Stressfrei mit Kindern in den Urlaub fahren

Der große Sommerurlaub steht kurz bevor. Das Urlaubsdomizil ist schon lange gebucht. Die Koffer sind bereits halb gepackt. Kurz vor der Abreise beginnen die Überlegungen: „Wie beschäftige ich mein Kind, während der Fahrt und vor allem auch im Urlaub?“ Denn es kann immer mal einen schlechten Tag geben, an dem man draußen nichts unternehmen kann. Doch auch diese Tage sollen keine verlorenen Urlaubstage sein. Auch einen regnerischen Tag kannst du für deine Familie erlebnisreich gestalten.

Packliste schreiben

Vor dem Packen solltest du zunächst einmal eine Packliste schreiben. Zum Einen, damit du während der Vorbereitung nichts vergisst und zum Anderen als Kontrolle, ob du dann alles Nötige auch eingepackt hast. Denke daran: Auch ein Kuscheltier darf im Reisegepäck nicht fehlen!

Wenn es ans Meer geht, gehören natürlich auch Sandspielsachen dazu. Schippe und Förmchen gehören zur Grundausstattung eines Strandurlaubs mit Kindern.

Auf jeden Fall solltest du auch Malsachen mitnehmen. Mit Stiften, Papier und einigen Malbüchern  können sich die Kids auch im Restaurant oder der Bar beschäftigen.

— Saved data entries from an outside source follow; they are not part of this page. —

Section OrderThreeRelations.
Variables (p f A B C D : nat).
Hypotheses (pr_p : prime p) (p_eq : p = (3 * f + 1)%N).
Hypotheses (sumA : (A + B + C + 1 = f)%N) (sumD : (B + C + D = f)%N).
Hypothesis quadr : (f + A * B + A * C + B * C = B ^ 2 + C ^ 2 + D ^ 2)%N.

Let L : int := 9 * A%:Z - p%:Z + 8.
Let M : int := B%:Z - C%:Z.

Lemma gauss_form_cyclo_nums : 4 * p%:Z = L ^+ 2 + 27 * M ^+ 2.
Proof.
have quadrZ : f%:Z + A%:Z * B%:Z + A%:Z * C%:Z + B%:Z * C%:Z
              = B%:Z ^+ 2 + C%:Z ^+ 2 + D%:Z ^+ 2 by lia.
have eA : A%:Z = f%:Z - 1 - B%:Z - C%:Z by lia.
have eD : D%:Z = f%:Z - B%:Z - C%:Z by lia.
have ep : p%:Z = 3 * f%:Z + 1 by lia.
rewrite /L /M eA ep; rewrite eA eD in quadrZ.
by clear -quadrZ; lia.
Qed.

Lemma gauss_L_mod3 : (L %% 3)%Z = 1.
Proof. by rewrite /L; lia. Qed.

Lemma cyclo_nums_neq : B != C.
Proof.
apply/eqP => BC; apply/negP: (four_prime_neq_sqr L pr_p).
by rewrite gauss_form_cyclo_nums /M BC subrr negbK; apply/eqP; ring.
Qed.

Lemma cyclo_nums_shift_eq (e : nat) : (A + 2 * e == B)%N || (A + 2 * e == C)%N
  <-> exists t : int, p%:Z = t ^+ 2 + 3 * (3 * e%:Z - 1) ^+ 2.
Proof.
have p_mod3 : (p %% 3 = 1)%N by lia.
rewrite -(gauss_form_shift pr_p p_mod3 gauss_form_cyclo_nums gauss_L_mod3);
  last by lia.
suff <- : ((L + 4 * (3 * e%:Z - 1)) ^+ 2 == 9 * M ^+ 2)
          = (A + 2 * e == B)%N || (A + 2 * e == C)%N by split => /eqP.
have eB : L + 4 * (3 * e%:Z - 1) - 3 * M = 6 * ((A + 2 * e)%:Z - B%:Z).
  by rewrite /L /M; lia.
have eC : L + 4 * (3 * e%:Z - 1) + 3 * M = 6 * ((A + 2 * e)%:Z - C%:Z).
  by rewrite /L /M; lia.
rewrite -subr_eq0 (_ : 9 * M ^+ 2 = (3 * M) ^+ 2); last by ring.
by rewrite subr_sqr eB eC !mulf_eq0 /= !subr_eq0 !eqz_nat.
Qed.

End OrderThreeRelations.

Local Close Scope ring_scope.

Lemma card3_neq23 (n1 n2 n3 : nat) : n2 != n3 ->
  card3 n1 n2 n3 = if (n1 == n2) || (n1 == n3) then 2 else 3.
Proof.
move=> n23; rewrite /card3 /= !inE (negbTE n23).
by case: (n1 == n2); case: (n1 == n3).
Qed.

Theorem lemma7p3 (gT : finGroupType) (a : gT) (p l : nat)
  (hp : prime p) (hp3 : p %% 3 = 1) (ha : #[a]%g = p)
  (hl : ((p.-1).-primitive_root (l%:R : 'Z_p))%R)
  (z1 z2 z3 : gT)
  (hz1 : z1 \in Xcl a l ((p - 1) %/ 3) 1)
  (hz2 : z2 \in Xcl a l ((p - 1) %/ 3) 2)
  (hz3 : z3 \in Xcl a l ((p - 1) %/ 3) 3) :
  forall i : nat, (i = 1 \/ i = 2) ->
    let f := ((p - 1) %/ 3)%N in
    let T := card3 (cnum a l f 1 1 z1 + 2 * (i - 1)) (cnum a l f 1 1 z2)
                   (cnum a l f 1 1 z3) in
    (T = 2 \/ T = 3) /\
    (T = 2 <-> exists t : int, (p%:Z = t ^+ 2 + 3 * (i%:Z) ^+ 2)%R).
Proof.
move=> i i12 f T.
have p_gt1 := prime_gt1 hp.
have dvd3p : 3 %| p.-1 by lia.
have cnum_z := cnum_cyclo_num p_gt1 ha hl dvd3p.
rewrite /T (cnum_z 0 z1) // (cnum_z 1 z2) // (cnum_z 2 z3) //.
have L_prim : (#|'Z_p|.-1).-primitive_root%R (l%:R : 'Z_p) by rewrite card_Zp_gt1.
have dvd3 : 3 %| #|'Z_p|.-1 by rewrite card_Zp_gt1.
have [sumA sumD quadr] := cyclo_num_relations L_prim dvd3.
have p_eq : p = 3 * (#|'Z_p|.-1 %/ 3) + 1 by rewrite card_Zp_gt1; lia.
rewrite card3_neq23 ?(cyclo_nums_neq hp p_eq sumA sumD quadr) //.
split; first by case: ifP; [left | right].
have -> : (i%:Z ^+ 2 = (3 * (i - 1)%:Z - 1) ^+ 2)%R by case: i12 => ->.
rewrite -(cyclo_nums_shift_eq hp p_eq sumA sumD quadr).
by case: ifP => b; split => // /eqP.
Qed.
(* normal-ordered string  s^dag_{j1}..s^dag_{jn} s_{k1}..s_{km}  with
   {j1..jn} = J, {k1..km} = K *)
Definition nstring (J K : {set V}) : op :=
  foldr mulmx 1%:M ([seq sdag j | j <- enum J] ++ [seq sop k | k <- enum K]).

(* H has range at most Rr: in its (unique) normal-ordered expansion every
   string with nonzero coefficient has range at most Rr *)
Definition range_le (Rr : nat) (H : op) : Prop :=
  exists c : {set V} -> {set V} -> C,
    H = \sum_(J : {set V}) \sum_(K : {set V}) c J K *: nstring J K /\
    forall J K, c J K != 0 -> (srange (J :|: K) <= Rr)%N.

(* supported in X: H = A (x) I_{outside X} *)
Definition local (X : {set V}) := {ffun {v : V | v \in X} -> bool}.
Definition restr (X : {set V}) (x : state) : local X := [ffun v => x (val v)].
Definition supported (X : {set V}) (H : op) : Prop :=
  exists A : local X -> local X -> C,
    H = mkop (fun x y => A (restr X x) (restr X y) *
                         \prod_(v in ~: X) (x v == y v)%:R).

Definition vac : vec := mkvec (fun y => (y == [ffun _ => false])%:R).
Definition Wst : vec :=
  mkvec (fun y => if #|[set v | y v]| == 1%N then (sqrtC (#|V|%:R))^-1 else 0).

Definition numop : op := \sum_(i : V) sdag i *m sop i.

End QubitGraph.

Sorge für ausreichend Nachschub für deine Leseratten, denn am Urlaubsort ist es vielleicht nicht möglich passende Bücher zu finden.

Erinnerungsbuch besorgen

Schenke deinen Kindern doch bereits vor dem Urlaub ein Tagebuch. So könnt Ihr ein schönes Abendritual gestalten, indem ihr euch alle abends zusammensetzt und jeder in seinem Buch festhalten kann, was ihr am Tag gesehen und erlebt habt. Hier könnt ihr auch Tickets einkleben und andere Sachen, die ihr gesammelt habt. Übrigens: Schöne Tagebücher findest du auch im paper friends shop. Klicke bitte hier...

Tagebucheintrag

Auf der Fahrt

Wer kennt das nicht? Man ist erst seit wenigen Stunden unterwegs und schon beginnt die Fragerei der Kinder: „Wie lange dauert es noch?“ „Ich muss Pippi!“ „Ich hab Hunger!“ „Sind wir bald da?“ um nur einige aufzuführen.

Damit die Kinder abgelenkt sind, und die Zeit für Sie schneller vergeht, haben wir ein paar Tipps für dich, wie du die Kids während der Fahrt beschäftigst.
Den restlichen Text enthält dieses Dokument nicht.